In the automotive field, for example, improvement in collision safety is required together with improvement in fuel consumption by weight reduction of vehicle bodies for environmental conservation. Thus, use of high-strength steel sheets for thickness reduction and optimization of vehicle body structures have been practiced hitherto in various ways, so as to achieve weight reduction of vehicle bodies and improvement in collision safety.
Large fatigue strength is also required in the high-strength steel sheets for weight reduction of vehicle bodies. In general, the fatigue strength of a parent material to be used for a welded member increases in proportion to steel sheet strength, but it is known that the fatigue strength of a welded joint barely increases even when the steel sheet strength is increased. This hinders the weight reduction of vehicle bodies by use of the high-strength steel sheets.
For underbody members such as suspension arms and sub-frames in particular, the fatigue strength of welded portions becomes more important. Fillet arc welding is often used for welding of these underbody members. Thus, in order to achieve the weight reduction of underbody members, an increase in fatigue strength of fillet arc welded joints becomes an issue.

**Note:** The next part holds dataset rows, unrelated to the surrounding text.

(* For all $a,b>0$, $$H(a,b)\le\lambda_{-1}(a,b)\le G(a,b)\le\lambda_0(a,b)\le L(a,b)\le\lambda_1(a,b)\le I(a,b).$$
   Context: For $a,b>0$ with $a\neq b$ define $$\lambda_{-1}(a,b)=\dfrac{2\log\frac{a+b}{2}-\log a-\log b}{\frac{1}{2a}+\frac{1}{2b}-\frac{2}{a+b}},\quad \lambda_0(a,b)=\dfrac{a\log a+b\log b-(a+b)\log\frac{a+b}{2}}{2\log\frac{a+b}{2}-\log a-\log b},$$ $$\lambda_1(a,b)=\dfrac{(b-a)^2}{4\left(a\log a+b\log b-(a+b)\log\frac{a+b}{2}\right)},$$ and $\lambda_s(a,a)=a$. Here $H(a,b)=2(1/a+1/b)^{-1}$, $G(a,b)=\sqrt{ab}$, $L(a,b)=\frac{b-a}{\log b-\log a}$, $I(a,b)=\frac1e(b^b/a^a)^{1/(b-a)}$ for $a\neq b$, with $L(a,a)=I(a,a)=a$. *)

From Stdlib Require Import Reals.
Open Scope R_scope.

Definition Hm (a b : R) : R := 2 / (/ a + / b).
Definition Gm (a b : R) : R := sqrt (a * b).
Definition Lm (a b : R) : R :=
  if Req_EM_T a b then a else (b - a) / (ln b - ln a).
Definition Im (a b : R) : R :=
  if Req_EM_T a b then a
  else / exp 1 * Rpower (Rpower b b / Rpower a a) (/ (b - a)).

Definition lam_m1 (a b : R) : R :=
  if Req_EM_T a b then a else
  (2 * ln ((a + b) / 2) - ln a - ln b) /
  (/ (2 * a) + / (2 * b) - 2 / (a + b)).

Definition lam_0 (a b : R) : R :=
  if Req_EM_T a b then a else
  (a * ln a + b * ln b - (a + b) * ln ((a + b) / 2)) /
  (2 * ln ((a + b) / 2) - ln a - ln b).

Definition lam_1 (a b : R) : R :=
  if Req_EM_T a b then a else
  (b - a) ^ 2 / (4 * (a * ln a + b * ln b - (a + b) * ln ((a + b) / 2))).

(* All seven means are symmetric and homogeneous of degree one, so it suffices to
   treat a = A (1 - t), b = A (1 + t) with A > 0 and 0 < t < 1.  In these
   coordinates every mean is A times an explicit function of t built from
     Lf t = ln (1 + t) - ln (1 - t),   Sf t = - ln (1 - t^2),   Ef t = t Lf t - Sf t,
   namely H = A (1 - t^2), lambda_{-1} = A (1 - t^2) Sf / t^2, G = A sqrt (1 - t^2),
   lambda_0 = A Ef / Sf, L = 2 A t / Lf, lambda_1 = A t^2 / Ef and
   I = A exp (Lf / (2 t) - Sf / 2 - 1).  Each of the six comparisons is thereby
   reduced to an inequality between elementary functions of t on [0, 1).

   These one-variable inequalities are all proved by the same device: a function
   vanishing at 0 (or bounded below near 0) with a nonnegative derivative is
   nonnegative.  The comparison lambda_0 <= L needs a chain of four successive
   derivatives (Phi, Phi1, Phi2, Phi3), G <= lambda_0 is proved after the
   substitution t = 2u / (1 + u^2), which rationalises sqrt (1 - t^2), and
   lambda_1 <= I is the monotonicity of the log-ratio Om = ln (I / lambda_1) on
   (0, 1), whose limit at 0 is 0.  The theorem then follows by symmetry, with the
   degenerate case a = b checked directly. *)

From Stdlib Require Import Reals Lra Psatz.
From Coquelicot Require Import Coquelicot.
(* Defs is imported after Coquelicot so that [Im] denotes the identric mean. *)
From Pilot Require Import Defs.
Open Scope R_scope.

Ltac side := repeat split; try intro; nra.
Ltac derive := auto_derive; [side | unfold Rminus; field; side].

Lemma nondecreasing_of_deriv (f f' : R -> R) (a b : R) : a <= b ->
  (forall x, a <= x <= b -> is_derive f x (f' x)) ->
  (forall x, a < x < b -> 0 <= f' x) -> f a <= f b.
Proof.
intros hab hd hpos.
destruct (Req_dec a b) as [<-|nab]; [lra|].
destruct (MVT_cor2 f f' a b ltac:(lra)) as [c [hfc hc]].
- intros x hx. apply is_derive_Reals, hd. lra.
- assert (0 <= f' c * (b - a)) by (apply Rmult_le_pos; [apply hpos|]; lra). lra.
Qed.

Lemma le_from_zero (g h d : R -> R) (t : R) : 0 <= t < 1 -> g 0 = h 0 ->
  (forall x, 0 <= x < 1 -> is_derive (fun y => h y - g y) x (d x)) ->
  (forall x, 0 < x < 1 -> 0 <= d x) -> g t <= h t.
Proof.
intros ht h0 hd hpos.
enough (h 0 - g 0 <= h t - g t) by lra.
apply (nondecreasing_of_deriv (fun y => h y - g y) d); try lra.
- intros x hx. apply hd. lra.
- intros x hx. apply hpos. lra.
Qed.

Lemma ln_le_sub1 x : 0 < x -> ln x <= x - 1.
Proof. intros hx. pose proof (exp_ineq1_le (ln x)) as h. rewrite exp_ln in h; lra. Qed.

Lemma le_frac a c d : 0 < d -> a * d <= c -> a <= c / d.
Proof.
intros hd h. replace a with (a * d * / d) by (field; lra).
apply Rmult_le_compat_r; [left; apply Rinv_0_lt_compat |]; lra.
Qed.

Lemma frac_le a c d : 0 < d -> c <= a * d -> c / d <= a.
Proof.
intros hd h. replace a with (a * d * / d) by (field; lra).
apply Rmult_le_compat_r; [left; apply Rinv_0_lt_compat |]; lra.
Qed.

Lemma frac_le_frac a b c d : 0 < b -> 0 < d -> a * d <= c * b -> a / b <= c / d.
Proof.
intros hb hd h.
replace (a / b) with (a * d * / (b * d)) by (field; lra).
replace (c / d) with (c * b * / (b * d)) by (field; lra).
apply Rmult_le_compat_r; [left; apply Rinv_0_lt_compat; nra | exact h].
Qed.

Definition Lf (t : R) : R := ln (1 + t) - ln (1 - t).
Definition Sf (t : R) : R := - (ln (1 + t) + ln (1 - t)).
Definition Ef (t : R) : R := t * Lf t - Sf t.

FIG. 1 shows a cross-sectional shape of a typical lap fillet welded joint formed by overlapping an upper steel product 1 and a lower steel product 2 and welding only a corner portion of one side of corner portions formed on both sides of an abutted portion of the upper steel product 1 and the lower steel product 2. In such a lap fillet welded joint, stress is concentrated in a toe portion 4 and a root portion 5 of a fillet weld bead 3 and a fatigue crack progresses in a direction vertical to a load, and thereby the welded joint is broken. Therefore, for improvement in fatigue strength, decreasing the stress concentration in the toe portion 4 and the root portion 5 becomes important. Incidentally, in the following explanation, the fillet weld bead is referred to as a fillet bead as necessary.
Conventionally, as a means of improving fatigue strength of a fillet welded joint, welding a reinforcing member such as a rib into/to a proper shape ⋅ position, finishing a toe portion of a weld bead by a grinder operation, decorative build-up welding, and the like, and the like are performed. However, welding an additional member leads to an increase in cost. Further, additional work is required for the finishing of the toe portion. Thus, these means are not techniques applicable to manufacture of mass-produced goods such as automobile parts.
Further, in terms of a welding method, a technique of decreasing stress concentration to a toe portion is proposed in Patent Literatures 1 and 2.
In Patent Literature 1, there is disclosed a method of decreasing stress concentration to a toe portion and improving fatigue strength by optimizing chemical components of a weld metal to increase a curvature radius of the toe portion.
In Patent Literature 2, there is disclosed a weld bead structure in which a weld bead is extended when an end surface of another steel sheet is butted against one surface of a steel sheet to have a T-shaped cross section and a fillet bead is formed on both sides of the butted portion.
In Patent Literature 3, there is disclosed that when a sheet surface of a plate-shaped member and a square member are butted and fillet welding is performed with respect to all the portions of edges of the square member in contact with the plate-shaped member, linear welded portions intersecting crosswise each other are formed on corner portions of the square member.
However, even with the techniques disclosed in Patent Literatures 1 to 3, it is not possible to expect the effect of decreasing the stress concentration to the root portion 5 of the typified lap fillet welded joint formed by welding only one side of the overlapped portion of the steel sheets 1 and 2 shown in FIG. 1.
Further, in the technique disclosed in Patent Literature 2, the weld bead is extended, and thereby fatigue strengths at a welding start point (start edge portion) of the weld bead and at a welding end point (end edge portion) of the weld bead improve. However, there is little effect for improvement in fatigue strength of an intermediate portion of the weld bead.
Further, in the technique disclosed in Patent Literature 3, the number of welding start points to remain independently near a fillet bead is increased. The shape of a toe portion at a welding start point projects and this projected angle is steep, so that stress is easily concentrated at the welding start point if the welding start point exists independently.
As above, in the techniques disclosed in Patent Literatures 1 to 3, it is not easy to suppress occurrence of fatigue fracture when a welded structure member to which a cyclic load is applied such as an automobile underbody member is formed by fillet welding metal sheets having a thin sheet thickness.